Tapering symptoms : Hi, after GCA diagnosis June... - PMRGCAuk
Tapering symptoms
To be down to 20mg after 6 months is good going - and you obviously tried it in well under 6 months. They are in such a hurry. And I have to say - you wouldn't persuade me to take both TCZ and MTX at present. One or the other would be more than enough. They didn't use both in the clinical trials for GCA - so why try it now?
Thank you for your reply, my rheumatologist is so keen for me to reduce my steroids but my case is proving difficult for him he admitted I think all is other GCA patients have been text book! One size doesn’t fit all! I have taken it slower myself reducing in increments of 2.5mg which he didn’t really agree with. I am reluctant to start the Methotrexate and feel like he is throwing everything at me currently without the results of tests I am still waiting to have. He wants to check if my disease has spread to my larger vessels.
If he thinks all GCA patients are text book, then he hasn’t met those on this forum!
As PMRpro says to be at 20mg in such a short time, with or without TCZ is fast, and the fact that you keep flaring at that level should tell him it- “it’s too low!”
Thank you for your reply, this disease puts a big responsibility on us all I have found it really hard and I come from a medical background (pharmacy) but knew nothing about this condition until my sudden diagnosis after losing sight in my left eye. I feel I am managing it all on my own and don’t have a lot of confidence in the rheumatologist unfortunately. I am happy to take the slow taper approach if it helps to the flares. I appreciate the feedback, many thanks
If you have already lost vision in one eye he is being a bit cavalier with the speed of the reduction. Protection of sight is more important than anything else.
Similar to me then, no knowledge, lost sight ….
Have a look at my profile and the link at the end, might help you to know you are not alone -
healthunlocked.com/user/Dor...
😊thank you so much for taking the time to reply, yes my initial situation is similar to yours, I am adjusting well to one eye and am driving now too. Did you have any other drug treatment other than steroids?
No I didn’t, TCZ had not been authorised for GCA patients during my time…in fact think it was only trialed the year after I went into remission.
Apart from 2 visits to Rheumy and the initial diagnosis & treatment from Ophthalmologist, my GCA was managed by GPs.
Once on the Pred path I never had any issues with flares or setbacks, so adding in another drug was never a consideration,
I agree with the other more knowledgeable members on this forum. Sounds like the taper has been too fast. I thought mine was but yours was very fast! I started on a high dose two years ago and I am now on 2mgs. I definitely wouldn’t want to take methotrexate with the other meds. I was on methotrexate but had to come off it after a few months as it was adversely affecting my liver. Some people are fine on it though. It’s all individual. I am on pred and leflumonide but wouldn’t want to add another unless there was a good and clear reason. Good luck and keep us updated.

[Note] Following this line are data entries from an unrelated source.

Lemma cut_edges_two_blocks (C : {set T}) u N x0 X R :
  uniq (u :: N ++ x0 :: X ++ R) ->
  all [predC C] (u :: N) -> all [in C] (x0 :: X) -> all [predC C] R ->
  cycle_cut_edges (u :: N ++ x0 :: X ++ R) C <= 2.
Proof.
move=> un /andP[/negbTE uC outN] inX outR; rewrite cut_edges_changes // uC.
have out_false (Y : seq T) : all [predC C] Y -> map [in C] Y = nseq (size Y) false.
  by move=> outY; apply: map_const => y /(allP outY) /negbTE.
rewrite -cat_cons !map_cat out_false // (@map_const _ true (x0 :: X) (allP inX)) out_false //.
by rewrite !rcons_cat -cats1 -(nseqD _ 1) changes_two_blocks.
Qed.

Lemma cut_decomposition (C : {set T}) u p :
  uniq (u :: p) -> u \notin C -> 2 < cycle_cut_edges (u :: p) C ->
  exists n x0 X L, [/\ rot n (u :: p) = x0 :: X ++ L, all [in C] (x0 :: X),
    head x0 L \notin C, last x0 L \notin C & has [in C] L].
Proof.
move=> un uC many; have [inp | outp] := boolP (has [in C] p); last first.
  by move: many; rewrite cut_edges_monochromatic //= uC all_predC outp orbT.
case: (split_find inp) un many => x0 N r x0C outN; rewrite cat_rcons.
have outuN : all [predC C] (u :: N) by rewrite /= uC all_predC.
have [outr | inr] := boolP (has [predC C] r); last first.
  rewrite -(cats0 r) => un; rewrite ltnNge cut_edges_two_blocks //=.
  by apply/andP; split => //; move: inr; rewrite has_predC negbK.
case: (split_find outr) => w X R' wC inX; rewrite cat_rcons.
have inx0X : all [in C] (x0 :: X).
  by apply/andP; split => //; move: inX; rewrite has_predC negbK.
have [inR' | outR'] := boolP (has [in C] R'); last first.
  by move=> un; rewrite ltnNge cut_edges_two_blocks //= all_predC outR' andbT.
move=> _ _; exists (size (u :: N)), x0, X, (w :: R' ++ u :: N); split=> //.
- by rewrite rot_size_cat /= -catA.
- by rewrite /= last_cat /=; apply: (allP outuN); apply: mem_last.
- by rewrite /= has_cat inR' orbT.
Qed.
Variables beta mu p delta : R.
Hypotheses (hm : 0 < mu) (hp0 : 0 < p) (hp1 : p < 1) (hd : 0 < delta) (hbd : beta = delta * mu).

Local Notation P := (delta * A_plus delta p + 1).
Local Notation Q := (delta * A_minus delta p + 1).

Lemma A_plus_minus_simple_roots : 4 * (1 - p) < delta ->
  P + Q = delta /\ P * Q = delta * (1 - p) /\ Q < P /\
  adoption_quadratic delta p P = 0 /\ adoption_quadratic delta p Q = 0.
Proof.
  intros hD.
  assert (hD' : 0 < 1 - 4 * (1 - p) / delta)
    by (apply (Rmult_lt_reg_r delta); [lra|]; replace ((1 - 4 * (1 - p) / delta) * delta) with (delta - 4 * (1 - p)) by (field; lra); lra).
  destruct (A_plus_minus_vieta delta p hd ltac:(lra)) as [hs [hp hdiff]].
  assert (0 < delta * sqrt (1 - 4 * (1 - p) / delta)) by (apply Rmult_lt_0_compat; [lra|apply sqrt_lt_R0; lra]).
  unfold adoption_quadratic. repeat split; [exact hs|exact hp|lra| |].
  - transitivity (P ^ 2 - (P + Q) * P + P * Q); [rewrite hs, hp; reflexivity|ring].
  - transitivity (Q ^ 2 - (P + Q) * Q + P * Q); [rewrite hs, hp; reflexivity|ring].
Qed.

Lemma no_endemic_of_neg_discriminant : delta < 4 * (1 - p) -> forall x, ~ endemic beta mu p x.
Proof.
  intros hD x Hx. destruct (endemic_Epoint beta mu p delta hm hp0 hp1 hd hbd x Hx) as [_ [hq _]].
  rewrite adoption_quadratic_vertex in hq by lra.
  assert (delta ^ 2 / 4 * (1 - 4 * (1 - p) / delta) = (delta - 4 * (1 - p)) * (delta / 4)) by (field; lra).
  pose proof (pow2_ge_0 (delta * pA x + 1 - delta / 2)). nra.
Qed.

(* Both roots of the quadratic are then at most [1], i.e. correspond to [A <= 0]. *)
Lemma no_endemic_of_high_adoption : 1 / 2 <= p -> p * delta <= 1 -> forall x, ~ endemic beta mu p x.
Proof.
  intros hp hpd x Hx. destruct (endemic_Epoint beta mu p delta hm hp0 hp1 hd hbd x Hx) as [hA [hq _]].
  unfold adoption_quadratic in hq. set (u := delta * pA x + 1) in *.
  assert (hu : 1 < u) by (unfold u; nra).
  assert ((1 - u) * (1 - (delta - u)) = 1 - p * delta) by nra.
  assert (delta <= 2) by nra.
  assert (1 - (delta - u) <= 0) by nra.
  lra.
Qed.

Lemma endemic_iff_root x : endemic beta mu p x <->
  exists a, 0 < a /\ adoption_quadratic delta p (delta * a + 1) = 0 /\ p * delta <= delta * a + 1 /\
    x = Epoint delta a.
Proof.
  split.
  - intros Hx. destruct (endemic_Epoint beta mu p delta hm hp0 hp1 hd hbd x Hx) as [hA [hq [hS1 ->]]].
    exists (pA x). auto.
  - intros [a [ha [hq [hS1 ->]]]]. now apply Epoint_endemic.
Qed.

Lemma A_pos_of_shift_gt_1 a : 1 < delta * a + 1 -> 0 < a.
Proof. intros h. destruct (Rlt_or_le 0 a); auto. nra. Qed.

Lemma two_endemic_equilibria : p < 1 / 2 -> 4 * (1 - p) < delta -> p * delta < 1 ->
  (forall x, endemic beta mu p x <-> x = Epoint delta (A_plus delta p) \/ x = Epoint delta (A_minus delta p)) /\
  Epoint delta (A_plus delta p) <> Epoint delta (A_minus delta p) /\
  loc_asym_stable beta mu p (Epoint delta (A_plus delta p)) /\
  unstable beta mu p (Epoint delta (A_minus delta p)).
Proof.
  intros hp hD hpd. destruct (A_plus_minus_simple_roots hD) as [hs [hprod [hlt [hqP hqQ]]]].
  assert (hQ1 : 1 < Q) by nra.
  assert (hAp := A_pos_of_shift_gt_1 (A_plus delta p) ltac:(lra)).
  assert (hAm := A_pos_of_shift_gt_1 (A_minus delta p) hQ1).
  split; [|split; [|split]].
  - intros x. rewrite endemic_iff_root. split.
    + intros [a [ha [hq [_ ->]]]]. destruct (root_is_A_plus_or_minus delta p a hd hq) as [->| ->]; auto.
    + intros [-> | ->]; eexists; repeat split; eauto; lra.
  - intros He. assert (A_plus delta p = A_minus delta p) by (apply (f_equal pA) in He; exact He). nra.
  - apply Epoint_las; auto; nra.
  - apply Epoint_unstable; auto; nra.
Qed.

Lemma unique_endemic_equilibrium : 1 <= p * delta -> 1 < p * delta \/ 2 < delta ->
  (forall x, endemic beta mu p x <-> x = Epoint delta (A_plus delta p)) /\
  loc_asym_stable beta mu p (Epoint delta (A_plus delta p)).
Proof.
  intros hpd hcase.
  assert (hD : 4 * (1 - p) < delta).
  { assert (E : p * (delta - 4 * (1 - p)) = (p * delta - 1) + (1 - 2 * p) ^ 2) by ring.
    enough (0 < p * (delta - 4 * (1 - p))) by nra.
    destruct (Req_dec p (1 / 2)) as [->|hp2]; [destruct hcase; lra|].
    assert (0 < (1 - 2 * p) ^ 2) by (apply pow2_gt_0; lra). lra. }
  destruct (A_plus_minus_simple_roots hD) as [hs [hprod [hlt [hqP hqQ]]]].
  assert (hP1 : 1 < P) by (destruct hcase; nra).
  assert (hQ1 : Q <= 1) by nra.
  assert (hAp := A_pos_of_shift_gt_1 (A_plus delta p) hP1).
  split.
  - intros x. rewrite endemic_iff_root. split.
    + intros [a [ha [hq [_ ->]]]]. destruct (root_is_A_plus_or_minus delta p a hd hq) as [->| ->]; auto.
      exfalso. nra.
    + intros ->. eexists; repeat split; eauto.
      (* [p * delta] lies between the roots, as the quadratic is nonpositive there *)
      assert (hval : (p * delta - P) * (p * delta - Q) = delta * (1 - p) * (1 - p * delta)).
      { transitivity ((p * delta) ^ 2 - (P + Q) * (p * delta) + P * Q); [ring|]. rewrite hs, hprod. ring. }
      assert (0 < delta * (1 - p)) by nra.
      assert (delta * (1 - p) * (1 - p * delta) <= 0) by nra.
      destruct (Rle_or_lt (p * delta) P); auto. nra.
  - apply Epoint_las; auto; nra.
Qed.

End EndemicEquilibria.

Lemma div_bound_iff p r : 0 < p ->
  (r < 1 / p <-> p * r < 1) /\ (r <= 1 / p <-> p * r <= 1) /\
  (1 / p < r <-> 1 < p * r) /\ (1 / p <= r <-> 1 <= p * r).
Proof.
  intros hp. assert (E : p * (1 / p) = 1) by (field; lra).
  repeat split; intros h.
  all: try (rewrite <- E; first [apply Rmult_lt_compat_l | apply Rmult_le_compat_l]; lra).
  all: first [apply (Rmult_lt_reg_l p) | apply (Rmult_le_reg_l p)]; lra.
Qed.

Theorem mainTheorem2 (beta mu p : R)
  (hbeta : 0 < beta) (hmu : 0 < mu) (hp0 : 0 < p) (hp1 : p < 1) :
  let delta : R := (beta / mu)%R in
  let E1 : pt := Epoint delta (A_plus delta p) in
  let E2 : pt := Epoint delta (A_minus delta p) in
  ((p < 1 / 2)%R ->
     (delta < 4 * (1 - p) ->
        (forall x, ~ endemic beta mu p x) /\ loc_asym_stable beta mu p E0) /\
     (4 * (1 - p) < delta < 1 / p ->
        (forall x, endemic beta mu p x <-> x = E1 \/ x = E2) /\ E1 <> E2 /\
        loc_asym_stable beta mu p E1 /\ unstable beta mu p E2 /\
        loc_asym_stable beta mu p E0) /\
     (1 / p <= delta ->
        (forall x, endemic beta mu p x <-> x = E1) /\
        loc_asym_stable beta mu p E1 /\
        (1 / p < delta -> unstable beta mu p E0))) /\
  (1 / 2 <= p ->
     (delta <= 1 / p -> forall x, ~ endemic beta mu p x) /\
     (delta < 1 / p -> loc_asym_stable beta mu p E0) /\
     (1 / p < delta ->
        (forall x, endemic beta mu p x <-> x = E1) /\
        loc_asym_stable beta mu p E1 /\ unstable beta mu p E0)).
Proof.
  intros delta E1 E2.
  assert (hd : 0 < delta) by (apply Rdiv_lt_0_compat; auto).
  assert (hbd : beta = delta * mu) by (unfold delta; field; lra).
  destruct (div_bound_iff p delta hp0) as (hlt & hle & hgt & hge).
  assert (hE0s : p * delta < 1 -> loc_asym_stable beta mu p E0) by (intro; apply E0_las; nra).
  assert (hE0u : 1 < p * delta -> unstable beta mu p E0) by (intro; apply E0_unstable; nra).
  split; intros hp2; split; [| split | | split].
  - intros hD. split; [exact (no_endemic_of_neg_discriminant beta mu p delta hmu hp0 hp1 hd hbd hD)|apply hE0s; nra].
  - intros [hD hpd]. apply hlt in hpd.
    destruct (two_endemic_equilibria beta mu p delta hmu hp0 hp1 hd hbd hp2 hD hpd) as (Hiff & Hne & Hs1 & Hu2).
    repeat (split; [assumption|]). auto.
  - intros hpd. apply hge in hpd.
    destruct (unique_endemic_equilibrium beta mu p delta hmu hp0 hp1 hd hbd hpd ltac:(right; nra)) as [Hiff Hs1].
    split; [exact Hiff|]. split; [exact Hs1|]. intros h. apply hgt in h. auto.
  - intros hpd. apply hle in hpd. exact (no_endemic_of_high_adoption beta mu p delta hmu hp0 hp1 hd hbd hp2 hpd).
  - intros hpd. apply hlt in hpd. auto.
  - intros hpd. apply hgt in hpd.
    destruct (unique_endemic_equilibrium beta mu p delta hmu hp0 hp1 hd hbd ltac:(lra) (or_introl hpd)) as [Hiff Hs1].
    split; [exact Hiff|]. split; [exact Hs1|]. auto.
Qed.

He's probably a bit late doing those tests if you are already on TCZ! If they read the literature they would discover that YOU are probably text book - or the text books are far too optimistic! You fit with this approach:
rcpe.ac.uk/journal/issue/jo...
which takes 5 months basic to get to 20mg. There is even one approach that gives a 3-day pulse therapy of 1000mg/day as infusions first - and by using all that extra pred, the following reductions are easier and in the long term the patients have a lower load of pred.
Counter-intuitive but true
I would try to be brave and request to start TCZ and give it a chance before going on MTX as well. It can be really hard for your body to cope with the medical changes of having a number of new drugs at once , and especially such strong ones.
It would also be hard for to figure out whether you are suffering new symptoms or which drug might be giving you side effects if you get any and then which would need to be altered.
Like DL , as a past GCA sufferer , I took longer than 6 months to reduce below 25 mg and if I did try to push the reduction that early on I got the same rebound symptoms as you.
As you have already lost some sight in one eye it is not worth taking additional risks and pushing to follow a timetable that doesn't seem to fit your needs.
I would write down everything you want to ask and your objections and arrange a call if this rheumatologist to discuss creating a plan that you are comfortable with.
You and your medical care providers need to work as a team with conditions like this and your worries and wishes are not unreasonable.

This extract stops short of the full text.